Sifat fisik dan kimia
Berat molekuler
Berat molekuler natrium alginat komersial biasanya terdispersi, sehingga berat molekulernya biasanya dinyatakan sebagai rata-rata dari berat molekuler rata-rata jumlah (Mn) dan berat molekuler rata-rata berat (Mw). Dalam populasi molekuler polidispersi, Mw biasanya lebih besar daripada Mn, dan rasionya (Mw/Mn) disebut indeks dispersi. Indeks dispersi natrium alginat komersial biasanya berkisar antara 1,5 hingga 2,5. Penentuan berat molekuler biasanya dihitung berdasarkan viskositas intrinsik dan metode pengukuran hamburan cahaya.
Nilai pH
Natrium alginat sedikit larut dalam air dan tidak larut dalam sebagian besar pelarut organik, tetapi larut dalam larutan alkali membentuk larutan kental. Ketika bubuk natrium alginat bertemu dengan air, permukaan partikel menjadi lengket karena hidrasi, dan dengan cepat menempel membentuk gumpalan, yang kemudian perlahan-lahan terhidrasi sepenuhnya dan larut. Jika ada senyawa dalam air yang bersaing dengan alginat untuk hidrasi (seperti gula, pati, atau protein), laju pelarutan natrium alginat akan menurun, dan waktu pencampuran perlu diperpanjang. Garam kation monovalen (seperti NaCl) juga akan menghasilkan efek serupa ketika konsentrasinya lebih tinggi dari 0,5%. Nilai pH natrium alginat dalam larutan air suling 1% adalah sekitar 7,2.
Stabilitas
Natrium alginat bersifat higroskopis, dan kandungan air keseimbangannya bergantung pada kelembaban relatif. Natrium alginat kering cukup stabil bila disimpan dalam wadah tertutup rapat pada suhu 25°C atau lebih rendah. Larutan natrium alginat stabil pada rentang pH 5-9. Derajat polimerisasi (DP) dan berat molekulnya berhubungan langsung dengan viskositas larutan, dan penurunan viskositas selama penyimpanan dapat digunakan untuk mengevaluasi derajat depolimerisasi natrium alginat. Natrium alginat dengan derajat polimerisasi tinggi kurang stabil dibandingkan dengan yang memiliki derajat polimerisasi rendah. Dilaporkan bahwa natrium alginat dapat mengalami hidrolisis yang dikatalisis proton, dan laju hidrolisis bergantung pada waktu, pH, dan suhu.
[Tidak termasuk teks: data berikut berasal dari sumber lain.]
(* Let $r\ge2$ and $\Lambda=\Phi^+_{A_{r+1}}\setminus\{\alpha_{r+1}\}$, where $\alpha_{r+1}=\varepsilon_{r+1}-\varepsilon_{r+2}$. Then \[K_{B_r}(\tilde\alpha_{B_r})=K_\Lambda(2\tilde\alpha_{A_{r+1}}-\alpha_1-\alpha_{r+1}),\] where $\tilde\alpha_{B_r}=\varepsilon_1+\varepsilon_2\in\mathbb{R}^r$ and $2\tilde\alpha_{A_{r+1}}-\alpha_1-\alpha_{r+1}=\alpha_1+2\alpha_2+\cdots+2\alpha_r+\alpha_{r+1}=\varepsilon_1+\varepsilon_2-\varepsilon_{r+1}-\varepsilon_{r+2}\in\mathbb{R}^{r+2}$.
   Context: $\Phi^+_{A_{r+1}}=\{\varepsilon_i-\varepsilon_j:1\le i<j\le r+2\}\subset\mathbb{R}^{r+2}$, $\alpha_i=\varepsilon_i-\varepsilon_{i+1}$; for $\Lambda\subseteq\Phi^+_{A_{r+1}}$, $K_\Lambda(\mu)$ is the number of finite multisets of elements of $\Lambda$ summing to $\mu$. $\Phi^+_{B_r}=\{\varepsilon_i\pm\varepsilon_j:1\le i<j\le r\}\cup\{\varepsilon_i:1\le i\le r\}\subset\mathbb{R}^r$ and $K_{B_r}(\mu)$ is the number of finite multisets of elements of $\Phi^+_{B_r}$ summing to $\mu$. *)

From HB Require Import structures.
From mathcomp Require Import all_boot all_order all_algebra.
Set Implicit Arguments. Unset Strict Implicit. Unset Printing Implicit Defensive.
Import Order.TTheory GRing.Theory Num.Theory.
Local Open Scope ring_scope.

Definition evec (n k : nat) : 'rV[int]_n := \row_(i < n) ((i == k :> nat)%:R : int).

(* Kostant partition function, generic form: the roots are labelled by a
   finite type T via [root : T -> 'rV[int]_n] (injective in our uses), so a
   finite multiset of roots is a multiplicity function m : T -> nat.
   [kostant root mu N] means: the set of multisets summing to mu is finite
   and has exactly N elements. *)
Definition kostant (T : finType) (n : nat) (root : T -> 'rV[int]_n)
    (mu : 'rV[int]_n) (N : nat) : Prop :=
  exists s : seq {ffun T -> nat},
    [/\ uniq s, size s = N &
        forall m : {ffun T -> nat}, m \in s <-> \sum_(t : T) root t *+ m t = mu].

(* Lambda = Phi^+_{A_{r+1}} \ {alpha_{r+1}}, roots e_i - e_j (0-indexed i<j
   in 0..r+1), excluding (i,j) = (r, r+1), i.e. eps_{r+1}-eps_{r+2}. *)
Definition labA (r : nat) : pred ('I_(r.+2) * 'I_(r.+2)) :=
  fun p => (p.1 < p.2)%N && ~~ ((nat_of_ord p.1 == r)%N && (nat_of_ord p.2 == r.+1)%N).
Definition LabA (r : nat) := {p : 'I_(r.+2) * 'I_(r.+2) | @labA r p}.
Definition rootA (r : nat) (x : LabA r) : 'rV[int]_(r.+2) :=
  evec r.+2 (val x).1 - evec r.+2 (val x).2.

Definition labB (r : nat) : pred ('I_r * 'I_r * bool) := fun p => (p.1.1 < p.1.2)%N.
Definition LabB (r : nat) := ({p : 'I_r * 'I_r * bool | @labB r p} + 'I_r)%type.
Definition rootB (r : nat) (x : LabB r) : 'rV[int]_r :=
  match x with
  | inl p => evec r (val p).1.1 +
             (if (val p).2 then evec r (val p).1.2 else - evec r (val p).1.2)
  | inr i => evec r i
  end.

(* Both multisets split into a common part, the roots e_i - e_j with
   i < j < r, and a remainder.  On the A side, coordinates r and r+1 force
   the remainder to be one root e_a - e_r and one root e_b - e_(r+1) with
   a, b < r.  On the B side, adding up all coordinates gives
   2 #{long roots e_i + e_j} + #{short roots e_k} = 2, so the remainder is
   either one long root or two short roots.  The pair (a, b) corresponds to
   the long root e_b + e_a if b < a, and to the short roots e_a, e_b if
   a <= b.  Finiteness holds because the heights j - i >= 1 of the roots
   of an A-side multiset add up to a fixed number. *)

From HB Require Import structures.
From mathcomp Require Import all_boot all_order all_algebra.
From mathcomp Require Import zify ring.
Import GRing.Theory.
Set Implicit Arguments. Unset Strict Implicit.

Section KostantGeneral.

Variables (T1 T2 : finType) (n1 n2 : nat).
Variables (root1 : T1 -> 'rV[int]_n1) (root2 : T2 -> 'rV[int]_n2).
(* Let $(G,M,\Delta)$ be a Garside structure, $(H,N,\delta)$ a parabolic substructure, $T$ the set of $(H,N)$-reduced elements of $G$, and $\mathcal S=\mathrm{Div}(\Delta)\setminus\{1\}$. Let $\alpha\in G$, $\beta\in\pi_H(\alpha)$ and $u\in\mathcal S$. Let $\theta\in T$ with $H\theta=H\alpha$, and assume $\theta\in M$. Then there exists $\beta'\in\pi_H(\alpha u)$ such that $d(\beta,\beta')\le3$.
   Context: Let $G$ be a group and $M$ a submonoid with $M\cap M^{-1}=\{1\}$. Define $\alpha\le_L\beta$ iff $\alpha^{-1}\beta\in M$, and $\alpha\le_R\beta$ iff $\beta\alpha^{-1}\in M$. For $a\in M$ let $\mathrm{Div}_L(a)=\{b\in M: b\le_L a\}$, $\mathrm{Div}_R(a)=\{b\in M: b\le_R a\}$; $a$ is balanced if these coincide, and then $\mathrm{Div}(a)$ denotes this set. $M$ is Noetherian if each $a\in M$ admits an $n$ such that $a$ is not a product of more than $n$ non-trivial factors. A Garside structure $(G,M,\Delta)$: $\Delta\in M$ balanced, $M$ Noetherian, $\mathrm{Div}(\Delta)$ finite and generating $M$ as a monoid and $G$ as a group, $(G,\le_L)$ a lattice with meet $\wedge_L$. A parabolic substructure $(H,N,\delta)$: $\delta\in M$ balanced, $H$ (resp. $N$) the subgroup (resp. submonoid) generated by $\mathrm{Div}(\delta)$, and $\mathrm{Div}(\delta)=\mathrm{Div}(\Delta)\cap N$; it is assumed $H\ne\{1\}$. Put $\omega=\delta^{-1}\Delta$. $a\in M$ is unmovable if $\Delta\not\le_L a$; every $\alpha\in G$ has a unique right $\Delta$-form $\alpha=a\Delta^p$ ($a\in M$ unmovable, $p\in\mathbb Z$). $a\in M$ is $N$-reduced if $a\wedge_L\delta=1$. $\alpha$ with right $\Delta$-form $a\Delta^p$ is $(H,N)$-reduced if $a$ is $N$-reduced and either $p=0$, or $p<0$ and $\omega\not\le_L a$. With $\lg$ the word length w.r.t. $\mathcal S$: $d(\alpha,\beta)=\lg(\alpha^{-1}\beta)$, $d(\alpha,H)=\min_{\beta\in H}d(\alpha,\beta)$, $\pi_H(\alpha)=\{\beta\in H:d(\alpha,\beta)=d(\alpha,H)\}$. *)

From Stdlib Require Import ZArith List.
Import ListNotations.
Set Implicit Arguments.

Record group := Group {
  carrier :> Type;
  gmul : carrier -> carrier -> carrier;
  ginv : carrier -> carrier;
  gone : carrier;
  gmulA : forall x y z, gmul x (gmul y z) = gmul (gmul x y) z;
  gmul1l : forall x, gmul gone x = x;
  gmul1r : forall x, gmul x gone = x;
  gmulVl : forall x, gmul (ginv x) x = gone;
  gmulVr : forall x, gmul x (ginv x) = gone
}.

Section Garside.
Variable G : group.
Local Notation "x * y" := (gmul G x y).
Local Notation "x ^-1" := (ginv G x) (at level 3, format "x ^-1").
Local Notation "1" := (gone G).

Fixpoint prodl (l : list G) : G :=
  match l with [] => 1 | x :: l => x * prodl l end.

(** product of a list of letters x^{±1}: (true, x) stands for x^-1 *)
Fixpoint sprodl (l : list (bool * G)) : G :=
  match l with
  | [] => 1
  | (b, x) :: l => (if b then x^-1 else x) * sprodl l
  end.

Fixpoint gpow (x : G) (n : nat) : G :=
  match n with O => 1 | S n => x * gpow x n end.

Definition zpow (x : G) (p : Z) : G :=
  match p with
  | Z0 => 1
  | Zpos n => gpow x (Pos.to_nat n)
  | Zneg n => (gpow x (Pos.to_nat n))^-1
  end.

Variable M : G -> Prop.

Definition pointed_submonoid : Prop :=
  M 1 /\ (forall x y, M x -> M y -> M (x * y)) /\
  (forall x, M x -> M (x^-1) -> x = 1).

Definition leL (x y : G) : Prop := M (x^-1 * y).
Definition leR (x y : G) : Prop := M (y * x^-1).

Definition DivL (a b : G) : Prop := M b /\ leL b a.
Definition DivR (a b : G) : Prop := M b /\ leR b a.

Definition balanced (a : G) : Prop :=
  M a /\ forall b, DivL a b <-> DivR a b.

(** for balanced a, Div(a) = Div_L(a) = Div_R(a) *)
Definition Div (a b : G) : Prop := DivL a b.

Definition noetherian : Prop :=
  forall a, M a -> exists n : nat,
    forall l : list G, Forall (fun x => M x /\ x <> 1) l -> prodl l = a ->
      length l <= n.

Definition is_meetL (x y m : G) : Prop :=
  leL m x /\ leL m y /\ forall z, leL z x -> leL z y -> leL z m.
Definition is_joinL (x y j : G) : Prop :=
  leL x j /\ leL y j /\ forall z, leL x z -> leL y z -> leL j z.

Definition monoid_gen (S : G -> Prop) (g : G) : Prop :=
  exists l, Forall S l /\ prodl l = g.
Definition group_gen (S : G -> Prop) (g : G) : Prop :=
  exists l : list (bool * G), Forall (fun p => S (snd p)) l /\ sprodl l = g.

Definition garside (Delta : G) : Prop :=
  pointed_submonoid /\
  balanced Delta /\
  noetherian /\
  (exists l : list G, forall b, Div Delta b -> In b l) /\
  (forall a, M a <-> monoid_gen (Div Delta) a) /\
  (forall g, group_gen (Div Delta) g) /\
  (forall x y, (exists m, is_meetL x y m) /\ (exists j, is_joinL x y j)).

Definition parabolic (Delta : G) (H N : G -> Prop) (delta : G) : Prop :=
  balanced delta /\
  (forall g, H g <-> group_gen (Div delta) g) /\
  (forall g, N g <-> monoid_gen (Div delta) g) /\
  (forall b, Div delta b <-> (Div Delta b /\ N b)) /\
  (exists h, H h /\ h <> 1).

Definition unmovable (Delta a : G) : Prop := M a /\ ~ leL Delta a.

Definition N_reduced (delta a : G) : Prop := is_meetL a delta 1.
Larutan propilen glikol alginat stabil pada suhu kamar dan pH 3-4; ketika pH kurang dari 2 atau lebih dari 6, viskositas menurun dengan cepat bahkan pada suhu kamar.
Terjemahan
Arah aplikasi
Sebagai zat polimer, natrium alginat memiliki fungsi sebagai zat pensuspensi, pengental, pengemulsi, dan perekat. Zat ini terutama digunakan sebagai zat pensuspensi, pengemulsi, pengental, dan bahan kapsul untuk mikrokapsul dalam bidang farmasi.
Digunakan sebagai bahan pengikat (1% hingga 3%) dan bahan penghancur (2,5% hingga 10%) untuk tablet;
Digunakan sebagai pengencer dalam kapsul; juga digunakan dalam pembuatan sediaan lepas lambat oral karena menunda pelepasan obat dari suspensi yang larut dalam air; banyak digunakan dalam pasta, salep, dan gel sebagai pengencer. Sebagai agen pengental dan agen pensuspensi (5% ~ 10%), dan digunakan sebagai penstabil (1% ~ 3%) dalam emulsi minyak dalam air. Larutan berair 0,5% hingga 2,5% dapat digunakan untuk melumasi permukaan kulit yang terkikis untuk menghilangkan dan mengeringkan sekresi berbasis air.
Aditif makanan: pengemulsi, zat pembentuk lapisan film, pengental.